* _TASK GOAL_:
Repeat each entry in the data, exactly.

* _SUPPLIED MATERIAL_:
(* Both sides count, with weight r, the lattice points (r, s) with r < k, 0 < s < h
   and k s <= h r, by rows and by columns; coprimality rules out points on the
   line k s = h r. *)
Lemma sum_id_quo_lattice :
  2 * sum_id_quo h k + sum_quo_sq k h + sum_quo k h + 2 * sum_id k = 2 * h * sum_id k.
Proof.
have by_columns : sum_id_quo h k =
    \sum_(s < h) \sum_(r < k) r * ((0 < s) && (k * s <= h * r)).
  rewrite /sum_id_quo -exchange_big /=; apply: eq_bigr => r _.
  by rewrite (divn_as_count h _ _ k_gt0) ?big_distrr // ltn_pmul2l.
have column (s : 'I_h) :
    2 * \sum_(r < k) r * ((0 < s) && (k * s <= h * r)) + (k * s %/ h) * (k * s %/ h)
      + k * s %/ h = (0 < s) * (2 * sum_id k).
  have [-> | s_gt0] := posnP s.
    by rewrite big1 => [|r _]; rewrite ?muln0 ?div0n.
  rewrite mul1n -(sum_ord_gt (k * s %/ h) k); last first.
    by rewrite ltn_divLR // ltn_pmul2l.
  rewrite (eq_bigr (fun r : 'I_k => r * (k * s %/ h < r))) // => r _.
  by rewrite (coprime_leq_mul _ _ _ _ coprime_hk) ?s_gt0 ?ltn_ord.
have count_pos : \sum_(s < h) ((0 < s) : nat) = h.-1.
  rewrite -(minn_idPr (leq_pred h)) -sum_ord_pos_leq; apply: eq_bigr => s _.
  by rewrite (ltnW (ltn_ord s)) andbT.
rewrite by_columns /sum_quo_sq /sum_quo big_distrr -!big_split /=.
by rewrite (eq_bigr _ (fun i _ => column i)) -big_distrl /= count_pos; nia.
Qed.

End LatticeCount.

Open Scope R_scope.

Ltac to_INR E := move/(f_equal INR): E; rewrite -?plusE -?multE ?plus_INR ?mult_INR /= => E.

Lemma sum_id_rem_reciprocity (h k : nat) : (0 < h)%N -> (0 < k)%N -> coprime h k ->
  INR (sum_id_rem h k) / (INR k * INR k) + INR (sum_id_rem k h) / (INR h * INR h)
  = (INR h * INR h + INR k * INR k + 1) / (12 * INR h * INR k) + (INR h + INR k) / 4 - 3 / 4.
Proof.
move=> h_gt0 k_gt0 coprime_hk; have coprime_kh : coprime k h by rewrite coprime_sym.
have eU := mul_sum_sq_divn_eq h k; have eT := sum_id_quo_lattice _ _ h_gt0 k_gt0 coprime_hk.
have eU' := mul_sum_sq_divn_eq k h; have eT' := mul_sum_id_quo_divn_eq k h.
have eC' := mul2_sum_sq_divn_eq _ _ h_gt0 coprime_kh.
have eB' := mul_sum_id_divn_eq _ _ h_gt0 coprime_kh.
have eS1h := sum_id_double h; have eS1k := sum_id_double k.
have eS2h := sum_sq_sextuple h; have eS2k := sum_sq_sextuple k.
to_INR eU; to_INR eT; to_INR eU'; to_INR eT'; to_INR eC'; to_INR eB'.
to_INR eS1h; to_INR eS1k; to_INR eS2h; to_INR eS2k.
have Hh : INR h <> 0 by apply: not_0_INR; lia.
have Hk : INR k <> 0 by apply: not_0_INR; lia.
move: (INR h) (INR k) Hh Hk (INR (sum_id_rem h k)) (INR (sum_id_rem k h)) (INR (sum_id_quo h k))
  (INR (sum_id_quo k h)) (INR (sum_quo_sq k h)) (INR (sum_quo k h)) (INR (sum_quo_rem k h))
  (INR (sum_id h)) (INR (sum_id k)) (INR (sum_sq h)) (INR (sum_sq k)) eU eT eU' eT' eC' eB' eS1h eS1k eS2h eS2k.
move=> H K Hh Hk U U' T T' A' B' C' S1h S1k S2h S2k eU eT eU' eT' eC' eB' eS1h eS1k eS2h eS2k.
(* Solving for every other unknown, the sum A' = sum_quo_sq k h cancels. *)
have -> : U = H * S2k - K * T by lra.
have -> : U' = K * S2h - H * T' by lra.
have -> : T = H * S1k - S1k - (A' + B') / 2 by lra.
have -> : T' = (H * A' + C') / K by rewrite -eT'; field.
have -> : C' = (K * K * S2h - H * H * A' - S2h) / (2 * H) by rewrite eC'; field.
have -> : B' = (K * S1h - S1h) / H by rewrite eB'; field.
have -> : S1k = (K * K - K) / 2 by lra.
have -> : S1h = (H * H - H) / 2 by lra.
have -> : S2k = (2 * K * K * K - 3 * K * K + K) / 6 by lra.
have -> : S2h = (2 * H * H * H - 3 * H * H + H) / 6 by lra.
by field.
Qed.

Lemma frac_IZR_div (n k : Z) : (0 < k)%Z ->
  IZR n / IZR k - rfloor (IZR n / IZR k) = IZR (n mod k) / IZR k.
Proof.
move=> k_gt0; have k_pos : 0 < IZR k by apply: IZR_lt.
have [m_ge0 m_lt_k] := Z.mod_pos_bound n k k_gt0.
have split_nk : IZR n / IZR k = IZR (n / k) + IZR (n mod k) / IZR k.
  by rewrite {1}(Z.div_mod n k) ?plus_IZR ?mult_IZR; [field; lra | lia].
have frac_bounds : 0 <= IZR (n mod k) / IZR k < 1.
  split; first by apply: Rmult_le_pos; [apply: IZR_le | apply/Rlt_le/Rinv_0_lt_compat].
  apply: (Rmult_lt_reg_r (IZR k)) => //; rewrite Rmult_1_l /Rdiv Rmult_assoc Rinv_l; last lra.
  by rewrite Rmult_1_r; apply: IZR_lt.
have [int_part_eq _] := Int_part_frac_part_spec _ _ _ frac_bounds split_nk.
by rewrite /rfloor -int_part_eq split_nk; lra.
Qed.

* _ANSWER SPACE_:
(* Both sides count, with weight r, the lattice points (r, s) with r < k, 0 < s < h
   and k s <= h r, by rows and by columns; coprimality rules out points on the
   line k s = h r. *)
Lemma sum_id_quo_lattice :
  2 * sum_id_quo h k + sum_quo_sq k h + sum_quo k h + 2 * sum_id k = 2 * h * sum_id k.
Proof.
have by_columns : sum_id_quo h k =
    \sum_(s < h) \sum_(r < k) r * ((0 < s) && (k * s <= h * r)).
  rewrite /sum_id_quo -exchange_big /=; apply: eq_bigr => r _.
  by rewrite (divn_as_count h _ _ k_gt0) ?big_distrr // ltn_pmul2l.
have column (s : 'I_h) :
    2 * \sum_(r < k) r * ((0 < s) && (k * s <= h * r)) + (k * s %/ h) * (k * s %/ h)
      + k * s %/ h = (0 < s) * (2 * sum_id k).
  have [-> | s_gt0] := posnP s.
    by rewrite big1 => [|r _]; rewrite ?muln0 ?div0n.
  rewrite mul1n -(sum_ord_gt (k * s %/ h) k); last first.
    by rewrite ltn_divLR // ltn_pmul2l.
  rewrite (eq_bigr (fun r : 'I_k => r * (k * s %/ h < r))) // => r _.
  by rewrite (coprime_leq_mul _ _ _ _ coprime_hk) ?s_gt0 ?ltn_ord.
have count_pos : \sum_(s < h) ((0 < s) : nat) = h.-1.
  rewrite -(minn_idPr (leq_pred h)) -sum_ord_pos_leq; apply: eq_bigr => s _.
  by rewrite (ltnW (ltn_ord s)) andbT.
rewrite by_columns /sum_quo_sq /sum_quo big_distrr -!big_split /=.
by rewrite (eq_bigr _ (fun i _ => column i)) -big_distrl /= count_pos; nia.
Qed.

End LatticeCount.

Open Scope R_scope.

Ltac to_INR E := move/(f_equal INR): E; rewrite -?plusE -?multE ?plus_INR ?mult_INR /= => E.

Lemma sum_id_rem_reciprocity (h k : nat) : (0 < h)%N -> (0 < k)%N -> coprime h k ->
  INR (sum_id_rem h k) / (INR k * INR k) + INR (sum_id_rem k h) / (INR h * INR h)
  = (INR h * INR h + INR k * INR k + 1) / (12 * INR h * INR k) + (INR h + INR k) / 4 - 3 / 4.
Proof.
move=> h_gt0 k_gt0 coprime_hk; have coprime_kh : coprime k h by rewrite coprime_sym.
have eU := mul_sum_sq_divn_eq h k; have eT := sum_id_quo_lattice _ _ h_gt0 k_gt0 coprime_hk.
have eU' := mul_sum_sq_divn_eq k h; have eT' := mul_sum_id_quo_divn_eq k h.
have eC' := mul2_sum_sq_divn_eq _ _ h_gt0 coprime_kh.
have eB' := mul_sum_id_divn_eq _ _ h_gt0 coprime_kh.
have eS1h := sum_id_double h; have eS1k := sum_id_double k.
have eS2h := sum_sq_sextuple h; have eS2k := sum_sq_sextuple k.
to_INR eU; to_INR eT; to_INR eU'; to_INR eT'; to_INR eC'; to_INR eB'.
to_INR eS1h; to_INR eS1k; to_INR eS2h; to_INR eS2k.
have Hh : INR h <> 0 by apply: not_0_INR; lia.
have Hk : INR k <> 0 by apply: not_0_INR; lia.
move: (INR h) (INR k) Hh Hk (INR (sum_id_rem h k)) (INR (sum_id_rem k h)) (INR (sum_id_quo h k))
  (INR (sum_id_quo k h)) (INR (sum_quo_sq k h)) (INR (sum_quo k h)) (INR (sum_quo_rem k h))
  (INR (sum_id h)) (INR (sum_id k)) (INR (sum_sq h)) (INR (sum_sq k)) eU eT eU' eT' eC' eB' eS1h eS1k eS2h eS2k.
move=> H K Hh Hk U U' T T' A' B' C' S1h S1k S2h S2k eU eT eU' eT' eC' eB' eS1h eS1k eS2h eS2k.
(* Solving for every other unknown, the sum A' = sum_quo_sq k h cancels. *)
have -> : U = H * S2k - K * T by lra.
have -> : U' = K * S2h - H * T' by lra.
have -> : T = H * S1k - S1k - (A' + B') / 2 by lra.
have -> : T' = (H * A' + C') / K by rewrite -eT'; field.
have -> : C' = (K * K * S2h - H * H * A' - S2h) / (2 * H) by rewrite eC'; field.
have -> : B' = (K * S1h - S1h) / H by rewrite eB'; field.
have -> : S1k = (K * K - K) / 2 by lra.
have -> : S1h = (H * H - H) / 2 by lra.
have -> : S2k = (2 * K * K * K - 3 * K * K + K) / 6 by lra.
have -> : S2h = (2 * H * H * H - 3 * H * H + H) / 6 by lra.
by field.
Qed.

Lemma frac_IZR_div (n k : Z) : (0 < k)%Z ->
  IZR n / IZR k - rfloor (IZR n / IZR k) = IZR (n mod k) / IZR k.
Proof.
move=> k_gt0; have k_pos : 0 < IZR k by apply: IZR_lt.
have [m_ge0 m_lt_k] := Z.mod_pos_bound n k k_gt0.
have split_nk : IZR n / IZR k = IZR (n / k) + IZR (n mod k) / IZR k.
  by rewrite {1}(Z.div_mod n k) ?plus_IZR ?mult_IZR; [field; lra | lia].
have frac_bounds : 0 <= IZR (n mod k) / IZR k < 1.
  split; first by apply: Rmult_le_pos; [apply: IZR_le | apply/Rlt_le/Rinv_0_lt_compat].
  apply: (Rmult_lt_reg_r (IZR k)) => //; rewrite Rmult_1_l /Rdiv Rmult_assoc Rinv_l; last lra.
  by rewrite Rmult_1_r; apply: IZR_lt.
have [int_part_eq _] := Int_part_frac_part_spec _ _ _ frac_bounds split_nk.
by rewrite /rfloor -int_part_eq split_nk; lra.
Qed.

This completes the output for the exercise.